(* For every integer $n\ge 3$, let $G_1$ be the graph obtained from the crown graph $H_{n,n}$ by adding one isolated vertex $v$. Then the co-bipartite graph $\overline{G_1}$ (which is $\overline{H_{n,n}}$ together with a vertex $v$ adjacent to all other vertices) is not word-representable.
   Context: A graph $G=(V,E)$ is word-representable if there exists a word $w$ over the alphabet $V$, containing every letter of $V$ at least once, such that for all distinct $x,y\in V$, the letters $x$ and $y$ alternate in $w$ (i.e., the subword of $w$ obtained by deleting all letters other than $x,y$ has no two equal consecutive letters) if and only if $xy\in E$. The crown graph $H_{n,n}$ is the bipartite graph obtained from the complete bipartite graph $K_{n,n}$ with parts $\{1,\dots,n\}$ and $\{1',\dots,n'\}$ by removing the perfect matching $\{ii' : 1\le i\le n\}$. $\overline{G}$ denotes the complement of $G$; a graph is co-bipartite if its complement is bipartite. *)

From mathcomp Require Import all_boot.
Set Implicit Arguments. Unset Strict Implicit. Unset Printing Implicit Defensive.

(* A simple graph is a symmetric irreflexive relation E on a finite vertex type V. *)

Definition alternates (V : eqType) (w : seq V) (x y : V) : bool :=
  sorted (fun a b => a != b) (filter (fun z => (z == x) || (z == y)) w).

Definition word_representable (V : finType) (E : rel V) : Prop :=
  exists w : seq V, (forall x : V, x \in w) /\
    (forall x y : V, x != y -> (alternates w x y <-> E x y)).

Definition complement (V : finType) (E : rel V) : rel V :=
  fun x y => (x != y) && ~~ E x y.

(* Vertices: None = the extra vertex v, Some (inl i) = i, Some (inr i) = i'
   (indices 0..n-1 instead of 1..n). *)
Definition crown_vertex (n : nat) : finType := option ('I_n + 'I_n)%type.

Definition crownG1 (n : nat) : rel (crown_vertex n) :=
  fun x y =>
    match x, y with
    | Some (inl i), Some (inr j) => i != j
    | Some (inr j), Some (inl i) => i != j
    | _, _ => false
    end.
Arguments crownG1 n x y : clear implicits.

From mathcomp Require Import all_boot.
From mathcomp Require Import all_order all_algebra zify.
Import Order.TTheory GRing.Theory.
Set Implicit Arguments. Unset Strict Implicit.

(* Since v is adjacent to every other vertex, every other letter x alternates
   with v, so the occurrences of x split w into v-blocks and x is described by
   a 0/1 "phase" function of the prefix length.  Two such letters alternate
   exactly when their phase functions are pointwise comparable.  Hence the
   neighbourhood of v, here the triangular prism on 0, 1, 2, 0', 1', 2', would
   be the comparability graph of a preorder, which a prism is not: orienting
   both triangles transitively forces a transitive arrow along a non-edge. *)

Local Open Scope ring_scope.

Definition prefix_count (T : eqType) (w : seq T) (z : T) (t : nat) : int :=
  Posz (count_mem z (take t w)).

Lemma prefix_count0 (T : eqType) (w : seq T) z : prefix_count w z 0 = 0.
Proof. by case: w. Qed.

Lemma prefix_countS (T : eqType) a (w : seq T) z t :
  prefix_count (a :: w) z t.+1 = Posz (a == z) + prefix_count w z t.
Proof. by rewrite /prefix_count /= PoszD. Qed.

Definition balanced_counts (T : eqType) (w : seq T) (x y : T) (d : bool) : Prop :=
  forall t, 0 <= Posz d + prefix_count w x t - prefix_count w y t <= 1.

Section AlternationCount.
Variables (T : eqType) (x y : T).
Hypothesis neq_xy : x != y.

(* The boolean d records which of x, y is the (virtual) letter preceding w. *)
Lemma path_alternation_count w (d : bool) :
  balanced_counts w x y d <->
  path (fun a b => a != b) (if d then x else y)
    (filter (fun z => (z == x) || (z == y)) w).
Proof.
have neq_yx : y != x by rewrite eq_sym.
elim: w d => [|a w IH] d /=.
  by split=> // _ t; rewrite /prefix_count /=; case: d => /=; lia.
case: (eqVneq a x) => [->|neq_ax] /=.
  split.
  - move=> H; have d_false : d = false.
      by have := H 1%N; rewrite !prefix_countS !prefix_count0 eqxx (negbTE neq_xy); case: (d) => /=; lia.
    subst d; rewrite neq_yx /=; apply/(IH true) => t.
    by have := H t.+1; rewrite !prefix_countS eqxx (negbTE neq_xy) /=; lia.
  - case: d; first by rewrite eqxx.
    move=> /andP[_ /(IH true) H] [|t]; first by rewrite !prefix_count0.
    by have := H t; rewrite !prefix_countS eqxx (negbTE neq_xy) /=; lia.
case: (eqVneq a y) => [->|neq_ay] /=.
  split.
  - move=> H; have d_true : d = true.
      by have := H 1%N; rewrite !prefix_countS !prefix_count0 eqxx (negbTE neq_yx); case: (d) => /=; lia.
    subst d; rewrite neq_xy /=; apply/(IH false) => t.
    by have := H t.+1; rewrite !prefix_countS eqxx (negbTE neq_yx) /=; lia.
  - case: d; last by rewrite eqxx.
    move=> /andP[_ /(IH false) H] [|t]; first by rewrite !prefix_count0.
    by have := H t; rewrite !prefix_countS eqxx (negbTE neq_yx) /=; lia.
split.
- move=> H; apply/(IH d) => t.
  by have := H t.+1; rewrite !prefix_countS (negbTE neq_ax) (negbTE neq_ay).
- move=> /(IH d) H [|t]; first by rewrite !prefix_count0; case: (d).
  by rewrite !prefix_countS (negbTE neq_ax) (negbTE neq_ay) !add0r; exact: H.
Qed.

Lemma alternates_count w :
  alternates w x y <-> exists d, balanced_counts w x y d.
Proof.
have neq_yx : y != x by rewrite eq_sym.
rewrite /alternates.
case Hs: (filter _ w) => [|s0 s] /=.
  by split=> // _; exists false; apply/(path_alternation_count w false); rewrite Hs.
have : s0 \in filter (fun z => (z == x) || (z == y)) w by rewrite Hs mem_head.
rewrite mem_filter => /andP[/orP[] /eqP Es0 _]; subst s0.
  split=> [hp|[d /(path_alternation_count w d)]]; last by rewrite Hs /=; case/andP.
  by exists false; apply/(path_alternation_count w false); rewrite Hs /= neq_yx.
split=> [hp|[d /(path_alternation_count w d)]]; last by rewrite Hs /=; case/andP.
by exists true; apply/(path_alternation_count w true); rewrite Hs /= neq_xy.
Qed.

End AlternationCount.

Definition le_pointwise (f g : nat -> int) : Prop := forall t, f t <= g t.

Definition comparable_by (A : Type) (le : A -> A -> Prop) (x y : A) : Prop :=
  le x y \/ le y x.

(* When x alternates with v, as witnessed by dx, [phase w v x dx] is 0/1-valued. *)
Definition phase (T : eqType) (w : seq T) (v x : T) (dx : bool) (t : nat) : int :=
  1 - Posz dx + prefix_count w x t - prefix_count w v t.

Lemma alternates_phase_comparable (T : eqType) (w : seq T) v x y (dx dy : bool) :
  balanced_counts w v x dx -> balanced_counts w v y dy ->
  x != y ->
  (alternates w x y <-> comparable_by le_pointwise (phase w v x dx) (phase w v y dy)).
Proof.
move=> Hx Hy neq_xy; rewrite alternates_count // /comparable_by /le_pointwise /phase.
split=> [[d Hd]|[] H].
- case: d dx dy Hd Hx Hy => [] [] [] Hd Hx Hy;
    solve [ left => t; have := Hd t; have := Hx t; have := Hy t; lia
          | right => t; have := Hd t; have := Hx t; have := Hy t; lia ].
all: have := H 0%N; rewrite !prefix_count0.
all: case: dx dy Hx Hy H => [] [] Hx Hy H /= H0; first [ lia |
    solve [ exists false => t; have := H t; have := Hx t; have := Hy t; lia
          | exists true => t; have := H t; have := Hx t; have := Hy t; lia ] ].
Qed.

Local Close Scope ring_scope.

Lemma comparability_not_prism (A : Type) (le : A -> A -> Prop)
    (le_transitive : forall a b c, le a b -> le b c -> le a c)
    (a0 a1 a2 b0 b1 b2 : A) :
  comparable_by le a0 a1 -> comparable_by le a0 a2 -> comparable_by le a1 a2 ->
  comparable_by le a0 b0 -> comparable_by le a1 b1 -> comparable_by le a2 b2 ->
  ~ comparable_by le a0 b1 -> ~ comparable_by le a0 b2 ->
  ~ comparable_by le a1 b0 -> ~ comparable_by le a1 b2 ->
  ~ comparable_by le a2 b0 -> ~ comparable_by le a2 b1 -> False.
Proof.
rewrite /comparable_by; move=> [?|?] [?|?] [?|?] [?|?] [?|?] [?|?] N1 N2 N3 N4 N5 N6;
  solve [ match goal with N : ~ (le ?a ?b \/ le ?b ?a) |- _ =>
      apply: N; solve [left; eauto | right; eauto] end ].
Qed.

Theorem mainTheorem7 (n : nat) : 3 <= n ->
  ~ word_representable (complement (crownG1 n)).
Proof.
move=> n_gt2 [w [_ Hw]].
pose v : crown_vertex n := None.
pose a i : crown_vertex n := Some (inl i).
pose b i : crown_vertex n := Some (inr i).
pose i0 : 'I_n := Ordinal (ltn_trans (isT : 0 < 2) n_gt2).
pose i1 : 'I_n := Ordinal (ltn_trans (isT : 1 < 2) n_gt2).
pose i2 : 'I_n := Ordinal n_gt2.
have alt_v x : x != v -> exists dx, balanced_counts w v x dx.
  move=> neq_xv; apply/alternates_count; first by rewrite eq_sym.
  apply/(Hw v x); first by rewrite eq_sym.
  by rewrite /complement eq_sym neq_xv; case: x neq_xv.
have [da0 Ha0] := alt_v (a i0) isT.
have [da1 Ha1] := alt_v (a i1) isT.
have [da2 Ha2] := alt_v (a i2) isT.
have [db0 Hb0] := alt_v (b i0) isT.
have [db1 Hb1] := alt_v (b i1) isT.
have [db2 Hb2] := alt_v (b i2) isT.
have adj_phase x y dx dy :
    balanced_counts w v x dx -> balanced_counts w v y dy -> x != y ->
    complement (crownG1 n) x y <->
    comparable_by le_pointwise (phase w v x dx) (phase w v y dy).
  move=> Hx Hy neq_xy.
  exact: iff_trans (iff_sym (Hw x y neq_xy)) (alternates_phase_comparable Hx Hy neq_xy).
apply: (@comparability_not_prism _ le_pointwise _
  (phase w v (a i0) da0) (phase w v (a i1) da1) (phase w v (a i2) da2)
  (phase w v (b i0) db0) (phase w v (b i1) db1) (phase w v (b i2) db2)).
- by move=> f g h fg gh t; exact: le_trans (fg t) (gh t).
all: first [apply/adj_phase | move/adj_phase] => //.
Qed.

◆ ◆ ◆ ◆ ◆ ◆ ◆

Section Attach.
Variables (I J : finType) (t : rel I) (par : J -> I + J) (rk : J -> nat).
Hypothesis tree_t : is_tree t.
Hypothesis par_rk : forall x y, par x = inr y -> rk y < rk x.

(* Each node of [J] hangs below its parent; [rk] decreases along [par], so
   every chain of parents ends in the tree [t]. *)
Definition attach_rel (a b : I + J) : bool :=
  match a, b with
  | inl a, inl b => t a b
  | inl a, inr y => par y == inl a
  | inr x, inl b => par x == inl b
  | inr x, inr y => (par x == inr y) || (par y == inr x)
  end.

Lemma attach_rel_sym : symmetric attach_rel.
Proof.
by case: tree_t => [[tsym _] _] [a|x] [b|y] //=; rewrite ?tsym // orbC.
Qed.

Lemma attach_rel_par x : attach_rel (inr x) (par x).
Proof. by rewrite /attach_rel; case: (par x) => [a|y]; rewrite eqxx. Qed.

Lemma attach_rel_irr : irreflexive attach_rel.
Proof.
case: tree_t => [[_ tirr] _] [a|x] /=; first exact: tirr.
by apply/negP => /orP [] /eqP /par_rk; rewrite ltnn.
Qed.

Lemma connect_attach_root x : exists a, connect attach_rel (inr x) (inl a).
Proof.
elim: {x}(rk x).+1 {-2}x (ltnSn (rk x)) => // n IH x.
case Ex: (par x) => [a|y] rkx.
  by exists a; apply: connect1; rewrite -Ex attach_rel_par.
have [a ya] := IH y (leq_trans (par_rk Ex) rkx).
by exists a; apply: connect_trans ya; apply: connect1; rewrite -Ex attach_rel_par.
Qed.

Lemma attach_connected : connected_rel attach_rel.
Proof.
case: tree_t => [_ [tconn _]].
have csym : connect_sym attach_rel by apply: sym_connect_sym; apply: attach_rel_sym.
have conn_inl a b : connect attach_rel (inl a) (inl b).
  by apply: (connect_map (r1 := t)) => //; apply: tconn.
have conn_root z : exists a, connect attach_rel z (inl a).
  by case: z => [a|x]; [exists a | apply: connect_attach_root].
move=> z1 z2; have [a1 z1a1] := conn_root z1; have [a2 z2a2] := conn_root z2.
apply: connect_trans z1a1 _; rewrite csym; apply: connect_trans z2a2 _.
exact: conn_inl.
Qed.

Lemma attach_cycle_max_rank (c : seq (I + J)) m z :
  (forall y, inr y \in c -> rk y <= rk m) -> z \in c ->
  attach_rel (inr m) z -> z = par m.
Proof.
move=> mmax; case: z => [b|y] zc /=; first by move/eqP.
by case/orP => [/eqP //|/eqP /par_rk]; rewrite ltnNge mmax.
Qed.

◆ ◆ ◆ ◆ ◆ ◆ ◆

■ Work item ■
Show every line in the entries where the string "with" occurs.

■ Expected output ■
(* For every integer $n\ge 3$, let $G_1$ be the graph obtained from the crown graph $H_{n,n}$ by adding one isolated vertex $v$. Then the co-bipartite graph $\overline{G_1}$ (which is $\overline{H_{n,n}}$ together with a vertex $v$ adjacent to all other vertices) is not word-representable.
   Context: A graph $G=(V,E)$ is word-representable if there exists a word $w$ over the alphabet $V$, containing every letter of $V$ at least once, such that for all distinct $x,y\in V$, the letters $x$ and $y$ alternate in $w$ (i.e., the subword of $w$ obtained by deleting all letters other than $x,y$ has no two equal consecutive letters) if and only if $xy\in E$. The crown graph $H_{n,n}$ is the bipartite graph obtained from the complete bipartite graph $K_{n,n}$ with parts $\{1,\dots,n\}$ and $\{1',\dots,n'\}$ by removing the perfect matching $\{ii' : 1\le i\le n\}$. $\overline{G}$ denotes the complement of $G$; a graph is co-bipartite if its complement is bipartite. *)
    match x, y with
   with v, so the occurrences of x split w into v-blocks and x is described by
(* When x alternates with v, as witnessed by dx, [phase w v x dx] is 0/1-valued. *)
  solve [ match goal with N : ~ (le ?a ?b \/ le ?b ?a) |- _ =>
  match a, b with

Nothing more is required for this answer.